Edit: my understanding of "clean room implementation" is that it is a good defence to a copyright infrigement claim because there cannot be infringement if you don't know the original work. However it does not mean that NOT "clean room implementation" implies infrigement, it's just that it is potentially harder to defend against a claim if the original work was known.
As the LGPL says:
> A "work based on the Library" means either the Library or any derivative work under copyright law: that is to say, a work containing the Library or a portion of it, either verbatim or with modifications and/or translated straightforwardly into another language. (Hereinafter, translation is included without limitation in the term "modification".)
Is v7.0.0 a [derivative work](https://en.wikipedia.org/wiki/Derivative_work)? It seems to depend on the details of the source code (implementing the same API is not copyright infringement).
Especially now that ai can do this for any kind of intellectual property, like images, books or sourcecode. If judges would allow an ai rewrite to count as an original creation, copyright as we know it completely ends world wide.
Instead whats more likely is that no one is gonna buy that shit
The change log says the implementation is completely different, not a copy paste. Is that wrong?
>Internal architecture is completely different (probers replaced by pipeline stages). Only the public API is preserved.
Only after that would the burden be on the defendants, such as to give a defense that their usage is sufficiently transformative to qualify as fair use.
I’m not sure that “a total rewrite” wouldn’t, in fact, pass muster - depending on how much of a rewrite it was of course. The ‘clean room’ approach was just invented as a plausible-sounding story to head off gratuitous lawsuits. This doesn’t look as defensible against the threat of a lawsuit, but it doesn’t mean it wouldn’t win that lawsuit (I’m not saying it would, I haven’t read or compared the code vs its original). Google copied the entire API of the Java language, and got away with it when Oracle sued. Things in a courtroom can often go in surprising ways…

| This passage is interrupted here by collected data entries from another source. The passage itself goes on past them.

(* Let $G$ be ${\mathbb Z}_{\geq 0}$ or ${\mathbb Z}$. Let $X,Y$ be compact Hausdorff spaces and $T:X\to X$, $S:Y\to Y$ surjective continuous maps (homeomorphisms if $G={\mathbb Z}$). Then for every $k\in{\mathbb N}$, \[{\rm IE}_k(X\times Y,T\times S)={\rm IE}_k(X,T)\times{\rm IE}_k(Y,S),\] where $(X\times Y)^k$ is identified with $X^k\times Y^k$ in the natural way.
   Context: For a compact Hausdorff space $Z$ with surjective continuous map $R$ and $G$ acting by $n\cdot z=R^nz$: for a tuple $(A_1,\dots,A_k)$ of subsets of $Z$, a set $J\subseteq G$ is an independence set if for every nonempty finite $I\subseteq J$ and every $\sigma:I\to\{1,\dots,k\}$, $\bigcap_{s\in I}R^{-s}A_{\sigma(s)}\neq\emptyset$. A set $I\subseteq{\mathbb Z}$ has positive density if $\lim_{n}|I\cap\{-n,\dots,n\}|/(2n+1)$ exists and is nonzero; $I\subseteq{\mathbb Z}_{\ge0}$ has positive density if $\lim_n|I\cap\{0,\dots,n\}|/(n+1)$ exists and is nonzero. ${\rm IE}_k(Z,R)$ is the set of tuples $(z_1,\dots,z_k)\in Z^k$ such that for every product neighbourhood $U_1\times\cdots\times U_k$ of it, $(U_1,\dots,U_k)$ has an independence set of positive density. *)

From HB Require Import structures.
From mathcomp Require Import all_boot all_order all_algebra.
From mathcomp Require Import all_classical all_reals all_analysis.
From mathcomp Require Import Rstruct Rstruct_topology.
Set Implicit Arguments. Unset Strict Implicit. Unset Printing Implicit Defensive.
Import Order.TTheory GRing.Theory Num.Theory.
Local Open Scope classical_set_scope.
Local Open Scope ring_scope.
Lemma ranked_strategy_winning : winning_strategy tau step E c0 sigma.
Proof.
  split.
  - intros p n Hp0 Hc Ho. rewrite last_history.
    apply reply_move; [exact Ho | exact (inv_play p Hp0 Hc)].
  - intros p Hp0 Hc n.
    assert (Hinv : forall i, inv (p i)) by (intro i; apply inv_play; auto).
    assert (Hmove : forall i, p i ~> p (S i) /\
              (own (p i) = Duplicator -> p (S i) = reply (p i))).
    { intro i. specialize (Hc i). unfold consistent_step in Hc.
      destruct (own (p i)) eqn:Ho.
      - split; [exact Hc | discriminate].
      - rewrite last_history in Hc. rewrite Hc.
        split; [apply reply_move; auto | reflexivity]. }
    assert (Hown : forall i, own (p (S i)) = opponent (own (p i)))
      by (intro i; apply move_own, Hmove).
    apply NNPP; intros Hno.
    assert (Hfalse : forall m, n <= m -> rw (p m) = false).
    { intros m Hm. destruct (rw (p m)) eqn:Er; auto. exfalso; eauto. }
    assert (Hdescent : forall r i, rank (p i) = r -> n <= i ->
              own (p i) = Duplicator -> False).
    { intro r. induction r as [r IH] using lt_wf_ind. intros i Hr Hi Ho.
      destruct (Hmove i) as [_ Hreply]. specialize (Hreply Ho).
      apply (IH (rank (p (S (S i)))) ) with (i := S (S i)); [| reflexivity | lia |].
      - subst r. destruct (Hmove (S i)) as [Hm _]. rewrite Hreply in Hm.
        apply rank_decreases; [exact Ho | exact (Hinv i) | | exact Hm | apply Hfalse; lia].
        rewrite <- Hreply; apply Hfalse; lia.
      - rewrite !Hown, Ho; reflexivity. }
    destruct (own (p n)) eqn:Ho.
    + apply (Hdescent _ (S n) eq_refl); [lia | rewrite Hown, Ho; reflexivity].
    + exact (Hdescent _ n eq_refl (le_n n) Ho).
Qed.

End RankedStrategy.
Definition inF (n k : nat) (x : seq nat) : Prop :=
  exists s : seq nat, [/\ size s = k, sorted (fun a b => a.+1 < b) s,
                          all (fun i => 0 < i < n) s & x = pairs_of s].

Definition antichainF (n k : nat) (S : seq (seq nat)) : Prop :=
  (forall x, x \in S -> inF n k x) /\
  (forall x y, x \in S -> y \in S -> lep x y -> x = y).

Definition idealF (n k : nat) (S : seq (seq nat)) (x : seq nat) : Prop :=
  inF n k x /\ exists2 y, y \in S & lep x y.

Definition shift1 (S : seq (seq nat)) : seq (seq nat) :=
  [seq map predn x | x <- S & 1 < head 0 x].

(* generating facets of B_S: facets of B(S) (= sets of F(S)) that are not
   facets of B(S - 1_{2k}) (= sets of F(S - 1_{2k})) *)
Definition genBS (n k : nat) (S : seq (seq nat)) (x : seq nat) : Prop :=
  idealF n k S x /\ ~ idealF n k (shift1 S) x.

(* faces of B_S: subsets of generating facets *)
Definition faceBS (n k : nat) (S : seq (seq nat)) (f : seq nat) : Prop :=
  sorted ltn f /\ exists x, genBS n k S x /\ subseq f x.

Definition facetBS (n k : nat) (S : seq (seq nat)) (f : seq nat) : Prop :=
  faceBS n k S f /\ forall g, faceBS n k S g -> subseq f g -> g = f.

Definition inP (n k : nat) (x : seq nat) : Prop :=
  [/\ size x = k, sorted ltn x & all (fun i => 0 < i <= n - k) x].

Definition antichainP (n k : nat) (A : seq (seq nat)) : Prop :=
  (forall x, x \in A -> inP n k x) /\
  (forall x y, x \in A -> y \in A -> lep x y -> x = y).

Definition idealP (n k : nat) (A : seq (seq nat)) (x : seq nat) : Prop :=
  inP n k x /\ exists2 y, y \in A & lep x y.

[edit: negative votes, huh, that’s a first for a while… looks like Reddit/Slashdot-style “downvote if you don’t like what is being said” is alive and well on HN]

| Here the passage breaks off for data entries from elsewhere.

Lemma band_top_spec n :
  (forall t, xs n t <> 0 -> (height t <= band_top n)%nat) /\
  (forall t, xs (S n) t <> 0 -> (band_top n < height t)%nat).
Proof. unfold band_top. destruct (constructive_indefinite_description _ _) as [h Hh]. exact Hh. Qed.

Lemma support_in_band n t : xs n t <> 0 -> (band_bottom n <= height t <= band_top n)%nat.
Proof.
  intros H. split; [|apply band_top_spec; auto].
  destruct n; simpl; [lia|]. apply (proj2 (band_top_spec n)) in H. lia.
Qed.

Lemma band_bottom_le_top n : (band_bottom n <= band_top n)%nat.
Proof. destruct (proj1 xs_level_block n) as [t Ht]. apply support_in_band in Ht. lia. Qed.

Lemma band_top_mono m n : (m <= n)%nat -> (band_top m <= band_top n)%nat.
Proof.
  induction 1 as [|n _ IH]; auto. pose proof (band_bottom_le_top (S n)). simpl in *. lia.
Qed.

Lemma band_top_lt_bottom m n : (m < n)%nat -> (band_top m < band_bottom n)%nat.
Proof.
  intros H. destruct n as [|n]; [lia|]. simpl. pose proof (band_top_mono m n). lia.
Qed.

Lemma le_band_bottom n : (n <= band_bottom n)%nat.
Proof. induction n; simpl; [lia|]. pose proof (band_bottom_le_top n). lia. Qed.

Lemma xs_eq0_below_level k t : (height t < k)%nat -> xs k t = 0.
Proof.
  intros H. destruct (Req_dec (xs k t) 0) as [|Hne]; auto.
  apply support_in_band in Hne. pose proof (le_band_bottom k). lia.
Qed.

Lemma xs_eq0_off_band n k t :
  (band_bottom n <= height t <= band_top n)%nat -> k <> n -> xs k t = 0.
Proof.
  intros Hb Hkn. destruct (Req_dec (xs k t) 0) as [|Hne]; auto. exfalso.
  apply support_in_band in Hne.
  destruct (Nat.lt_trichotomy k n) as [H|[H|H]]; [| contradiction |];
    apply band_top_lt_bottom in H; lia.
Qed.

Lemma lcomb_xs_stable a t M :
  (S (height t) <= M)%nat -> lcomb a xs M t = lcomb a xs (S (height t)) t.
Proof. intros H. apply lcomb_eventually_const; auto. intros k Hk. apply xs_eq0_below_level. lia. Qed.

Section Projection.
Hypothesis xs_jt_finite : forall k, is_finite (jt_sq_norm (xs k)).
Variables c C : R.
Hypothesis c_pos : 0 < c.
Hypothesis xs_norm_ge : forall n, c <= jt_norm (xs n).
Hypothesis upper_l2 : forall n a, jt_norm (lcomb a xs n) <= C * sqrt (sumsq a n).

Lemma norming_family_exists n : exists G, admissible_family G /\
  (forall s t, In s G -> In t s -> (band_bottom n <= height t <= band_top n)%nat) /\
  c ^ 2 / 2 < fam_val (xs n) G.
Proof.
  assert (Hc2 : c ^ 2 <= real (jt_sq_norm (xs n))).
  { rewrite <- jt_norm_sq. pose proof (xs_norm_ge n). nra. }
  assert (HF : exists F, admissible_family F /\ c ^ 2 / 2 < fam_val (xs n) F).
  { apply NNPP. intros Hn.
    destruct (jt_sq_norm_bounded (xs n) (c ^ 2 / 2)) as [_ Hb]; [|nra].
    intros F HF. apply Rnot_lt_le. intros Hl. apply Hn. eauto. }
  destruct HF as [F [HF Hv]].
  exists (map (filter (in_levels (band_bottom n) (band_top n))) F). split; [|split].
  - apply admissible_filter_levels; auto.
  - intros s t Hs Ht. apply in_map_iff in Hs as [s0 [<- _]].
    apply filter_In in Ht as [_ Ht]. apply in_levels_true; auto.
  - rewrite fam_val_filter; auto. intros t Hb.
    destruct (Req_dec (xs n t) 0) as [|Hne]; auto.
    apply support_in_band, in_levels_true in Hne. congruence.
Qed.

Definition norming_family (n : nat) : list (list nat) :=
  proj1_sig (constructive_indefinite_description _ (norming_family_exists n)).

Lemma norming_family_spec n : admissible_family (norming_family n) /\
  (forall s t, In s (norming_family n) -> In t s -> (band_bottom n <= height t <= band_top n)%nat) /\
  c ^ 2 / 2 < fam_val (xs n) (norming_family n).
Proof. unfold norming_family. destruct (constructive_indefinite_description _ _) as [G HG]. exact HG. Qed.

Definition coef (n : nat) (y : nat -> R) : R :=
  fam_dot (xs n) y (norming_family n) / fam_val (xs n) (norming_family n).

Lemma coef_lin n a b v w : coef n (fun t => a * v t + b * w t) = a * coef n v + b * coef n w.
Proof.
  unfold coef. rewrite fam_dot_lin_r. pose proof (proj2 (proj2 (norming_family_spec n))).
  field. nra.
Qed.

Lemma coef_sq_le n y : coef n y ^ 2 <= (2 / c ^ 2) * fam_val y (norming_family n).
Proof.
  destruct (norming_family_spec n) as [_ [_ Hv]].
  set (A := fam_val (xs n) (norming_family n)) in *.
  set (B := fam_val y (norming_family n)).
  pose proof (fam_dot_cauchy_schwarz (xs n) y (norming_family n)) as Hcs. fold A B in Hcs.
  assert (Hc2 : 0 < c ^ 2) by nra.
  unfold coef. fold A. unfold Rdiv at 1. rewrite Rpow_mult_distr, pow_inv.
  apply Rle_trans with (B / A).
  - apply (Rmult_le_reg_r (A ^ 2)); [nra|]. field_simplify; nra.
  - assert (HB : 0 <= B) by apply fam_val_nonneg.
    apply (Rmult_le_reg_r (A * c ^ 2)); [nra|]. field_simplify; nra.
Qed.

Lemma coef_xs n j : coef n (xs j) = if (j =? n)%nat then 1 else 0.
Proof.
  unfold coef. destruct (Nat.eqb_spec j n) as [->|Hjn].
  - rewrite fam_dot_diag. pose proof (proj2 (proj2 (norming_family_spec n))). field. nra.
  - rewrite fam_dot_eq0_r; [unfold Rdiv; ring|].
    intros s t Hs Ht. apply (xs_eq0_off_band n); auto.
    apply (proj1 (proj2 (norming_family_spec n)) s); auto.
Qed.

Lemma coef_lcomb n a m : coef n (lcomb a xs m) = take_coef m a n.
Proof.
  induction m.
  - replace (lcomb a xs 0) with (fun t => 0 * xs 0%nat t + 0 * xs 0%nat t)
      by (extensionality t; simpl; ring).
    rewrite coef_lin. unfold take_coef. simpl. ring.
  - replace (lcomb a xs (S m)) with (fun t => 1 * lcomb a xs m t + a m * xs m t)
      by (extensionality t; simpl; ring).
    rewrite coef_lin, IHm, coef_xs. unfold take_coef.
    destruct (Nat.eqb_spec m n); destruct (Nat.ltb_spec n m); destruct (Nat.ltb_spec n (S m));
      try lia; subst; ring.
Qed.

Fixpoint norming_union (N : nat) : list (list nat) :=
  match N with O => nil | S k => norming_union k ++ norming_family k end.

Lemma norming_union_admissible N : admissible_family (norming_union N) /\
  (forall s t, In s (norming_union N) -> In t s -> (height t < band_bottom N)%nat).
Proof.
  induction N as [|N [[IH1 IH2] IH3]].
  - split; [apply admissible_nil|]. intros s t [].
  - destruct (norming_family_spec N) as [[HG1 HG2] [HG3 _]].
    pose proof (band_bottom_le_top N). simpl. split; [split|].
    + intros s Hs. apply in_app_or in Hs as [Hs|Hs]; auto.
    + apply ForallOrdPairs_app; auto. intros a b Ha Hb t Ht Ht'.
      apply (IH3 a t Ha) in Ht. apply (HG3 b t Hb) in Ht'. lia.
    + intros s t Hs Ht. apply in_app_or in Hs as [Hs|Hs].
      * apply (IH3 s t Hs) in Ht. lia.
      * apply (HG3 s t Hs) in Ht. lia.
Qed.

Lemma sumsq_coef_le y N : is_finite (jt_sq_norm y) ->
  sumsq (fun k => coef k y) N <= (2 / c ^ 2) * real (jt_sq_norm y).
Proof.
  intros Hf.
  apply Rle_trans with ((2 / c ^ 2) * fam_val y (norming_union N)).
  - induction N; cbn [sumsq norming_union]; [simpl; lra|].
    rewrite fam_val_app. pose proof (coef_sq_le N y). lra.
  - apply Rmult_le_compat_l.
    + apply Rlt_le, Rdiv_lt_0_compat; [lra|nra].
    + apply fam_val_le_jt; auto. apply norming_union_admissible.
Qed.

Lemma jt_sq_norm_lcomb_le a n : real (jt_sq_norm (lcomb a xs n)) <= C ^ 2 * sumsq a n.
Proof.
  rewrite <- jt_norm_sq, <- (pow2_sqrt (sumsq a n)) by apply sumsq_nonneg.
  replace (C ^ 2 * sqrt (sumsq a n) ^ 2) with ((C * sqrt (sumsq a n)) ^ 2) by ring.
  apply pow_incr. split; [apply sqrt_pos|apply upper_l2].
Qed.

Definition proj (y : nat -> R) (t : nat) : R :=
  lcomb (fun k => coef k y) xs (S (height t)) t.

Definition proj_sq_bound : R := C ^ 2 * (2 / c ^ 2).

Lemma proj_lin x y a b t : proj (fun s => a * x s + b * y s) t = a * proj x t + b * proj y t.
Proof.
  unfold proj. rewrite (lcomb_ext _ (fun k => a * coef k x + b * coef k y)) by (intros; apply coef_lin).
  apply lcomb_lin.
Qed.

Lemma proj_lcomb a n t : proj (lcomb a xs n) t = lcomb a xs n t.
Proof.
  unfold proj. rewrite <- (lcomb_xs_stable _ t (Nat.max n (S (height t)))) by lia.
  rewrite (lcomb_ext _ (take_coef n a)) by (intros; apply coef_lcomb).
  rewrite lcomb_take_coef, Nat.min_l by lia. reflexivity.
Qed.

This is not a good analogy.
A "rewrite" in context here is not a reproduction of the original work but a different work that is functionally equivalent, or at least that is the claim.
Like Tanya Grotter? https://en.wikipedia.org/wiki/Tanya_Grotter
“chardet 7.0 is a ground-up, MIT-licensed rewrite of chardet. Same package name, same public API — drop-in replacement for chardet 5.x/6.x”
Do people not write anymore?
What is this recent (clanker-fueled?) obsession to give everything fancy computer-y names with high numbers?
It's not a '12 stage pipeline', it's just an algorithm.
Do you know this kind of area and are commenting on the code?
Like, "we don't like copyright, but since you insist on enforcing it and we can't do anything against it, we will invent a clever way to use your own rules against you".
They are literally stealing from open source, but it's the original license that is the issue?